Adapted from The Spiced Life.
- 1 cup (2 sticks) unsalted butter, browned
- scant 1 1/4 cups powdered sugar, sifted
- 2 T apple brandy
- 2 large egg yolks
- 1 T Chinese 5 Spice*
- ¼ t salt
- 2⅓ cups (294 g) AP flour
- 1 T milk, not skim, if needed (I did need)
- pink, red, orange and gold sanding sugar if desired for autumn cookies
Preheat oven to 350 F. Do NOT grease cookie sheets for this recipe, but parchment paper or silicone mats are fine. Have some cookie sheets ready.

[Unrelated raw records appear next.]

(* Assume the reduced model family is $(\varepsilon,\mu)$-admissible for some $\varepsilon>0$, $\mu\ge1$. Let $u\in V$ with $\operatorname{dist}(u,\mathcal M)\le\varepsilon_{model}$ and $w=P_Wu+\eta$, where $\eta\in W$ and $\|\eta\|\le\varepsilon_{noise}$. Let $u^*=u^*(w)$ be the estimator obtained by surrogate model selection with the surrogate $\mathcal S(v,\mathcal M)=\min_{y\in Y}\mathcal R(v,y)$. Define the alternating minimization sequence as follows: - set $u^0=u^*$ and choose $y^0\in\operatorname{argmin}_{y\in Y}\mathcal R(u^*,y)$; - for $k\ge0$, choose $y^{k+1}\in\operatorname{argmin}_{y\in Y}\mathcal R(u^k,y)$; - for $k\ge0$, let $u^{k+1}$ be the minimizer of $v\mapsto\mathcal R(v,y^{k+1})$ over $v\in w+W^\perp$. Then $\mathcal R(u^{k+1},y^{k+1})\le\mathcal R(u^k,y^k)$ for all $k\ge0$. Moreover, for every $k\ge0$, $$\|u-u^k\|\le\delta_{\kappa\rho}+\varepsilon_{noise},\qquad\rho:=\mu(\varepsilon+\varepsilon_{noise})+(\mu+1)\varepsilon_{model},\quad\kappa=R/r.$$
   Context: Let $V$ and $Z$ be real Hilbert spaces, with $\|\cdot\|$ the norm of $V$ and $Z'$ the dual of $Z$. Let $Y\subset\mathbb R^d$ be compact. For $y\in Y$ let $A(y):V\to Z'$ be a bounded linear isomorphism and $f(y)\in Z'$, with $y\mapsto A(y)$ and $y\mapsto f(y)$ continuous. Assume there are constants $0<r\le R$ such that $\|A(y)\|_{V\to Z'}\le R$ and $\|A(y)^{-1}\|_{Z'\to V}\le r^{-1}$ for all $y\in Y$. Let $u(y)=A(y)^{-1}f(y)$ and $\mathcal M=\{u(y):y\in Y\}$. Define the residual $\mathcal R(v,y)=\|A(y)v-f(y)\|_{Z'}$. Let $W\subset V$ be a subspace of finite dimension $m$, let $P_W$ be the orthogonal projection onto $W$, and let $W^\perp$ be its orthogonal complement. For $w\in W$ put $V_w=w+W^\perp$. For $\sigma\ge0$ define $\mathcal M_\sigma=\{v:\operatorname{dist}(v,\mathcal M)\le\sigma\}$ and $\delta_\sigma=\sup\{\|u-v\|:u,v\in\mathcal M_\sigma,u-v\in W^\perp\}$. For a finite-dimensional subspace $E$ let $\mu(E,W)=\sup_{v\in E\setminus\{0\}}\|v\|/\|P_Wv\|$, with $\mu(\{0\},W)=1$. A reduced model family consists of: - sets $\mathcal M_1,\dots,\mathcal M_K$ with $\mathcal M=\bigcup_k\mathcal M_k$; - affine spaces $V_k=\bar u_k+\bar V_k$ with $\dim\bar V_k\le m$; - numbers $\varepsilon_k\ge\sup_{u\in\mathcal M_k}\operatorname{dist}(u,V_k)$; - constants $\mu_k=\mu(\bar V_k,W)$. The family is $(\varepsilon,\mu)$-admissible if $\varepsilon_k\le\varepsilon$ and $\mu_k\le\mu$ for all $k$. PBDW estimators: $u_k^*(w)=\operatorname{argmin}\{\operatorname{dist}(v,V_k):v\in V_w\}$. Surrogate model selection picks $k^*(w)$ as a minimizer of $k\mapsto\mathcal S(u_k^*(w),\mathcal M)$ and sets $u^*(w)=u^*_{k^*(w)}(w)$. *)

From mathcomp Require Import all_boot all_order all_algebra all_classical all_reals all_analysis.
Import numFieldNormedType.Exports.
Import Order.TTheory GRing.Theory Num.Theory.
Set Implicit Arguments. Unset Strict Implicit. Unset Printing Implicit Defensive.
Local Open Scope classical_set_scope.
Local Open Scope ring_scope.
(* Let $c:\mathbb{R}_+\to\mathbb{R}_+$ be twice continuously differentiable, strictly semi-convex and strictly increasing, but not of BPR-type. Then there is a nonatomic routing game with a single origin-destination pair, consisting of two parallel edges from the origin to the destination with cost functions $c(x)$ and $c(x)+t$ for some $t\in\mathbb{R}_+$, that does not have a demand-independent optimal toll (DIOT).
   Context: A function $c$ is of BPR-type if $c(x)=t_c+a_cx^{\beta}$ for all $x\ge0$, for some $t_c,a_c\in\mathbb{R}_+$ and $\beta>0$. Strictly semi-convex means that $x\mapsto x\,c(x)$ is strictly convex. In a nonatomic routing game with a single origin $o$, destination $d$ and demand $\mu\ge0$, a flow splits $\mu$ among the $o$–$d$ paths (here the two edges); an edge with load $x$ has cost $c_e(x)$. A Wardrop equilibrium is a flow where every used path has cost at most that of every other path; a system optimum minimizes the total cost $\sum_e x_ec_e(x_e)$. For a toll vector $\boldsymbol{\tau}\in\mathbb{R}^{\mathcal{E}}$ (entries may be negative), the tolled game has edge costs $c_e(x)+\tau_e$. $\boldsymbol{\tau}$ is a DIOT if for every demand $\mu\ge0$ every Wardrop equilibrium of the tolled game is a system optimum of the untolled game for that demand. *)

From Stdlib Require Import Reals.
From Coquelicot Require Import Coquelicot.
Open Scope R_scope.

(* Power x^beta for x >= 0, beta > 0, with the convention 0^beta = 0
   (Stdlib's Rpower 0 beta = 1, so we patch the value at 0). *)
Definition rpow (x beta : R) : R :=
  if Rle_dec x 0 then 0 else Rpower x beta.

Definition has_deriv_Rplus (f f' : R -> R) : Prop :=
  forall x, 0 <= x ->
    filterlim (fun y => (f y - f x) / (y - x))
      (within (fun y => 0 <= y /\ y <> x) (locally x)) (locally (f' x)).

Definition continuous_Rplus (f : R -> R) : Prop :=
  forall x, 0 <= x -> filterlim f (within (fun y => 0 <= y) (locally x)) (locally (f x)).

Definition C2_Rplus (c : R -> R) : Prop :=
  exists c1 c2 : R -> R,
    has_deriv_Rplus c c1 /\ has_deriv_Rplus c1 c2 /\ continuous_Rplus c2.

Definition maps_Rplus (c : R -> R) : Prop := forall x, 0 <= x -> 0 <= c x.

Definition strictly_increasing_Rplus (c : R -> R) : Prop :=
  forall x y, 0 <= x -> x < y -> c x < c y.

Definition strictly_convex_Rplus (f : R -> R) : Prop :=
  forall x y l, 0 <= x -> 0 <= y -> x <> y -> 0 < l < 1 ->
    f (l * x + (1 - l) * y) < l * f x + (1 - l) * f y.

Definition strictly_semiconvex (c : R -> R) : Prop :=
  strictly_convex_Rplus (fun x => x * c x).

Definition BPR_type (c : R -> R) : Prop :=
  exists tc ac beta, 0 <= tc /\ 0 <= ac /\ 0 < beta /\
    forall x, 0 <= x -> c x = tc + ac * rpow x beta.

(* Two-parallel-edge game, single o-d pair, edge costs c1, c2.
   A flow for demand mu is (x1, x2) with x1, x2 >= 0 and x1 + x2 = mu. *)
Definition feasible (mu x1 x2 : R) : Prop := 0 <= x1 /\ 0 <= x2 /\ x1 + x2 = mu.

Definition wardrop (c1 c2 : R -> R) (mu x1 x2 : R) : Prop :=
  feasible mu x1 x2 /\
  (0 < x1 -> c1 x1 <= c2 x2) /\ (0 < x2 -> c2 x2 <= c1 x1).

Definition total_cost (c1 c2 : R -> R) (x1 x2 : R) : R := x1 * c1 x1 + x2 * c2 x2.

Definition system_optimum (c1 c2 : R -> R) (mu x1 x2 : R) : Prop :=
  feasible mu x1 x2 /\
  forall y1 y2, feasible mu y1 y2 -> total_cost c1 c2 x1 x2 <= total_cost c1 c2 y1 y2.

(* toll vector (tau1, tau2) in R^E (entries may be negative) is a DIOT *)
Definition DIOT (c1 c2 : R -> R) (tau1 tau2 : R) : Prop :=
  forall mu, 0 <= mu -> forall x1 x2,
    wardrop (fun x => c1 x + tau1) (fun x => c2 x + tau2) mu x1 x2 ->
    system_optimum c1 c2 mu x1 x2.

(* Suppose every toll t >= 0 admitted a DIOT.  Write u(x) = c(x) - c(0) and
   g(x) = x c'(x), so that c + g is the marginal cost of an edge; at a system
   optimum the marginal costs of the used edges balance.  For a > 0 and
   t = mc(a) - mc(0), equilibria for demands near a force the toll gap
   tau2 + t - tau1 of a DIOT to be u(a).  Then every flow (x1, x2) with
   u(x1) = u(x2) + u(a) is an equilibrium, hence optimal, and balancing marginal
   costs gives g(x1) = g(x2) + g(a).  So g = G o u with G additive and
   nonnegative, hence linear: x c'(x) = k (c(x) - c(0)), whose solutions
   c(0) + (c(1) - c(0)) x^k are of BPR type. *)

From Stdlib Require Import Reals Lra Psatz Classical.
From Coquelicot Require Import Coquelicot.
Open Scope R_scope.

Definition is_deriv_Rplus (f : R -> R) (x l : R) : Prop :=
  forall eta, 0 < eta -> exists delta, 0 < delta /\
    forall y, 0 <= y -> y <> x -> Rabs (y - x) < delta ->
      Rabs ((f y - f x) / (y - x) - l) < eta.

Lemma has_deriv_Rplus_is_deriv f f' x :
  has_deriv_Rplus f f' -> 0 <= x -> is_deriv_Rplus f x (f' x).
Proof.
  intros Hf Hx eta Heta.
  destruct (proj1 (filterlim_locally _ _) (Hf x Hx) (mkposreal eta Heta)) as [delta Hdelta].
  exists delta; split; [apply cond_pos|].
  intros y Hy Hyx Hyd. apply (Hdelta y Hyd). split; assumption.
Qed.

Lemma is_deriv_Rplus_continuous f x l : is_deriv_Rplus f x l ->
  forall eta, 0 < eta -> exists delta, 0 < delta /\
    forall y, 0 <= y -> Rabs (y - x) < delta -> Rabs (f y - f x) < eta.
Proof.
  intros Hf eta Heta.
  destruct (Hf 1 Rlt_0_1) as [d1 [Hd1 Hslope]].
  assert (Hl : 0 < Rabs l + 1) by (pose proof (Rabs_pos l); lra).
  exists (Rmin d1 (eta / (Rabs l + 1))).
  split; [apply Rmin_pos; [lra | apply Rdiv_lt_0_compat; lra]|].
  intros y Hy Hyx.
  destruct (Req_dec y x) as [->|Hne].
  { unfold Rminus. rewrite Rplus_opp_r, Rabs_R0. exact Heta. }
  assert (Hyx1 := Rlt_le_trans _ _ _ Hyx (Rmin_l _ _)).
  assert (Hyx2 := Rlt_le_trans _ _ _ Hyx (Rmin_r _ _)).
  specialize (Hslope y Hy Hne Hyx1).
  set (q := (f y - f x) / (y - x)) in Hslope.
  assert (Hq : Rabs q < Rabs l + 1) by (pose proof (Rabs_triang_inv q l); lra).
  replace (f y - f x) with (q * (y - x)) by (unfold q; field; lra).
  rewrite Rabs_mult.
  assert (Rabs (y - x) * (Rabs l + 1) < eta) by (apply Rlt_div_r; lra).
  pose proof (Rabs_pos q). pose proof (Rabs_pos (y - x)). nra.
Qed.

Lemma is_deriv_Rplus_mult_id f x l : is_deriv_Rplus f x l -> 0 <= x ->
  is_deriv_Rplus (fun y => y * f y) x (f x + x * l).
Proof.
  intros Hf Hx eta Heta.
  destruct (is_deriv_Rplus_continuous f x l Hf (eta / 2)) as [d1 [Hd1 Hcont]]; [lra|].
  destruct (Hf (eta / (2 * (x + 1)))) as [d2 [Hd2 Hslope]].
  { apply Rdiv_lt_0_compat; lra. }
  exists (Rmin d1 d2). split; [apply Rmin_pos; assumption|].
  intros y Hy Hne Hyx.
  specialize (Hcont y Hy (Rlt_le_trans _ _ _ Hyx (Rmin_l _ _))).
  specialize (Hslope y Hy Hne (Rlt_le_trans _ _ _ Hyx (Rmin_r _ _))).
  replace ((y * f y - x * f x) / (y - x) - (f x + x * l))
    with ((f y - f x) + x * ((f y - f x) / (y - x) - l)) by (field; lra).
  eapply Rle_lt_trans; [apply Rabs_triang|].
  rewrite Rabs_mult, (Rabs_pos_eq x Hx).
  assert (Hsmall : x * (eta / (2 * (x + 1))) <= eta / 2).
  { replace (x * (eta / (2 * (x + 1)))) with (eta / 2 * (x / (x + 1))) by (field; lra).
    assert (x / (x + 1) <= 1) by (apply Rle_div_l; lra).
    nra. }
  pose proof (Rabs_pos ((f y - f x) / (y - x) - l)). nra.
Qed.

Lemma is_deriv_Rplus_plus_linear f x l t : is_deriv_Rplus f x l ->
  is_deriv_Rplus (fun y => f y + t * y) x (l + t).
Proof.
  intros Hf eta Heta. destruct (Hf eta Heta) as [delta [Hdelta Hslope]].
  exists delta. split; [assumption|].
  intros y Hy Hne Hyx.
  replace ((f y + t * y - (f x + t * x)) / (y - x) - (l + t))
    with ((f y - f x) / (y - x) - l) by (field; lra).
  apply Hslope; assumption.
Qed.

Lemma is_deriv_Rplus_ge0 f x l : is_deriv_Rplus f x l -> 0 <= x ->
  (forall y, x < y -> f x < f y) -> 0 <= l.
Proof.
  intros Hf Hx Hinc. apply Rnot_lt_le. intros Hl.
  destruct (Hf (- l)) as [delta [Hdelta Hslope]]; [lra|].
  set (y := x + delta / 2).
  assert (Hxy : x < y) by (unfold y; lra).
  assert (Hq : 0 < (f y - f x) / (y - x)).
  { specialize (Hinc y Hxy). apply Rdiv_lt_0_compat; lra. }
  assert (Habs : Rabs (y - x) < delta) by (unfold y; rewrite Rabs_pos_eq; lra).
  specialize (Hslope y ltac:(lra) ltac:(lra) Habs).
  rewrite Rabs_pos_eq in Hslope; lra.
Qed.

Lemma is_deriv_Rplus_derivable_pt_lim f x l : is_deriv_Rplus f x l -> 0 < x ->
  derivable_pt_lim f x l.
Proof.
  intros Hf Hx eps Heps. destruct (Hf eps Heps) as [delta [Hdelta Hslope]].
  exists (mkposreal (Rmin delta x) (Rmin_pos _ _ Hdelta Hx)). simpl.
  intros h Hh Hhd.
  assert (Hh1 : Rabs h < delta) by (eapply Rlt_le_trans; [exact Hhd | apply Rmin_l]).
  assert (Hh2 : Rabs h < x) by (eapply Rlt_le_trans; [exact Hhd | apply Rmin_r]).
  specialize (Hslope (x + h)). replace (x + h - x) with h in Hslope by ring.
  apply Rabs_def2 in Hh2. apply Hslope; [lra | lra | assumption].
Qed.

Lemma strictly_increasing_Rplus_inj f x y : strictly_increasing_Rplus f ->
  0 <= x -> 0 <= y -> f x = f y -> x = y.
Proof.
  intros Hf Hx Hy Hxy.
  destruct (Rtotal_order x y) as [Hlt|[Heq|Hlt]]; [| exact Heq |].
  - pose proof (Hf x y Hx Hlt). lra.
  - pose proof (Hf y x Hy Hlt). lra.
Qed.

Section Rplus_continuity.

Variables f f' : R -> R.
Hypothesis f_deriv : forall x, 0 <= x -> is_deriv_Rplus f x (f' x).

Lemma continuity_Rmax0 : continuity (fun x => f (Rmax 0 x)).
Proof.
  intros x. apply continuity_pt_filterlim, filterlim_locally. intros eps.
  assert (Hx : 0 <= Rmax 0 x) by apply Rmax_l.
  destruct (is_deriv_Rplus_continuous f _ _ (f_deriv _ Hx) eps (cond_pos eps))
    as [delta [Hdelta Hcont]].
  exists (mkposreal delta Hdelta). intros y Hy. change (Rabs (y - x) < delta) in Hy.
  apply Hcont; [apply Rmax_l|].
  eapply Rle_lt_trans; [|exact Hy].
  unfold Rmax. destruct (Rle_dec 0 y), (Rle_dec 0 x);
    unfold Rabs; repeat destruct (Rcase_abs _); lra.
Qed.

Lemma IVT_Rplus w v : 0 <= w -> f 0 <= v <= f w -> exists z, 0 <= z <= w /\ f z = v.
Proof.
  intros Hw Hv.
  destruct (IVT_gen _ 0 w v continuity_Rmax0) as [z [Hz Hfz]].
  { rewrite (Rmax_left 0 0), (Rmax_right 0 w), Rmin_left, Rmax_right by lra. lra. }
  rewrite Rmin_left, Rmax_right in Hz by lra.
  exists z. rewrite Rmax_right in Hfz by lra. split; assumption.
Qed.

Lemma exists_balanced_split a d : 0 < a -> f 0 < f a + d -> d < f a - f 0 ->
  exists x, 0 < x < a /\ f x = f (a - x) + d.
Proof.
  intros Ha Hlow Hhigh.
  set (phi := fun x => f (Rmax 0 x) - f (Rmax 0 (a - x)) - d).
  assert (Hphi : continuity phi).
  { intros x. unfold phi.
    apply continuity_pt_minus; [apply continuity_pt_minus|apply continuity_pt_const; now intros ? ?].
    - apply continuity_Rmax0.
    - apply (continuity_pt_comp (fun x => a - x) (fun x => f (Rmax 0 x)));
        [reg | apply continuity_Rmax0]. }
  destruct (IVT_gen phi 0 a 0 Hphi) as [x [Hx Hphix]].
  { assert (phi 0 = f 0 - f a - d) as ->.
    { unfold phi. rewrite Rminus_0_r, (Rmax_left 0 0), (Rmax_right 0 a) by lra. reflexivity. }
    assert (phi a = f a - f 0 - d) as ->.
    { unfold phi. rewrite Rminus_diag, (Rmax_left 0 0), (Rmax_right 0 a) by lra. reflexivity. }
    rewrite Rmin_left, Rmax_right by lra. lra. }
  rewrite Rmin_left, Rmax_right in Hx by lra.
  unfold phi in Hphix. rewrite (Rmax_right 0 x), (Rmax_right 0 (a - x)) in Hphix by lra.
  exists x. split; [|lra].
  split; apply Rnot_le_lt; intros Hend.
  - replace x with 0 in Hphix by lra. rewrite Rminus_0_r in Hphix. lra.
  - replace x with a in Hphix by lra. rewrite Rminus_diag in Hphix. lra.
Qed.

End Rplus_continuity.

Lemma strictly_convex_chord_slopes h : strictly_convex_Rplus h ->
  forall x w z, 0 <= x -> x < w -> w < z ->
  (h w - h x) / (w - x) < (h z - h x) / (z - x) < (h z - h w) / (z - w).
Proof.
  intros Hh x w z Hx Hxw Hwz.
  set (s := (h z - h x) / (z - x)).
  assert (Hs : h z = h x + s * (z - x)) by (unfold s; field; lra).
  assert (Hhw : h w < h x + s * (w - x)).
  { set (l := (z - w) / (z - x)).
    assert (Hl : 0 < l < 1).
    { unfold l. split; [apply Rdiv_lt_0_compat | apply Rlt_div_l]; lra. }
    pose proof (Hh x z l Hx ltac:(lra) ltac:(lra) Hl) as Hconv.
    replace (l * x + (1 - l) * z) with w in Hconv by (unfold l; field; lra).
    replace (h x + s * (w - x)) with (l * h x + (1 - l) * h z)
      by (rewrite Hs; unfold l; field; lra).
    exact Hconv. }
  split.
  - apply (Rlt_div_l (h w - h x) s (w - x)); lra.
  - apply (Rlt_div_r s (h z - h w) (z - w)); nra.
Qed.

Lemma is_deriv_Rplus_le_chord h x z l : 0 <= x -> x < z -> is_deriv_Rplus h x l ->
  (forall w, x < w < z -> (h w - h x) / (w - x) < (h z - h x) / (z - x)) ->
  l <= (h z - h x) / (z - x).
Proof.
  intros Hx Hxz Hh Hchord. apply Rnot_lt_le. intros Hlt.
  destruct (Hh (l - (h z - h x) / (z - x))) as [delta [Hdelta Hslope]]; [lra|].
  set (w := x + Rmin delta (z - x) / 2).
  assert (Hmin : 0 < Rmin delta (z - x)) by (apply Rmin_pos; lra).
  pose proof (Rmin_l delta (z - x)). pose proof (Rmin_r delta (z - x)).
  assert (Hw : x < w < z) by (unfold w; lra).
  assert (Habs : Rabs (w - x) < delta) by (rewrite Rabs_pos_eq; unfold w; lra).
  specialize (Hslope w ltac:(lra) ltac:(lra) Habs). apply Rabs_def2 in Hslope.
  specialize (Hchord w Hw). lra.
Qed.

Brown the butter and let cool for 5 minutes.
Mix the sugar into the butter--by hand is fine. Mix until incorporated. (If you use an electric mixer, do not beat a lot of air into the mixture.)
Once the sugar has dissolved, mix in the apple brandy.
Beat in the egg yolks and salt until incorporated.
Whisk the Chinese 5 Spice into the flour.
Gradually stir in the flour by hand: you are aiming for a dough that is not super soft, but also not too stiff to push through the cookie press. If the dough seems too stiff or crumbly, add more milk, ½ tablespoon at a time. Mine took an extra 1 tablespoon total.
Fill the tube of your cookie press and press the cookies out onto the un-greased cookie sheets, about 1½ inches apart. Sprinkle with sparkling sugar if using.
Bake for 12-16 minutes, until lightly browning at the edges. Rotate sheets if necessary for even browning.
Let cool on sheets for 5 minutes before moving to a cooling rack.
Cool completely before storing.
*I used Penzey's Chinese Five Spice, which is a combination of Chinese cinnamon (cassia), star anise, anise seed, ginger and cloves. You could make your own blend from those 5 spices or you could experiment with other blends. Do note that mine did not include Sichuan peppercorns, so these cookies as I made them are not at all hot.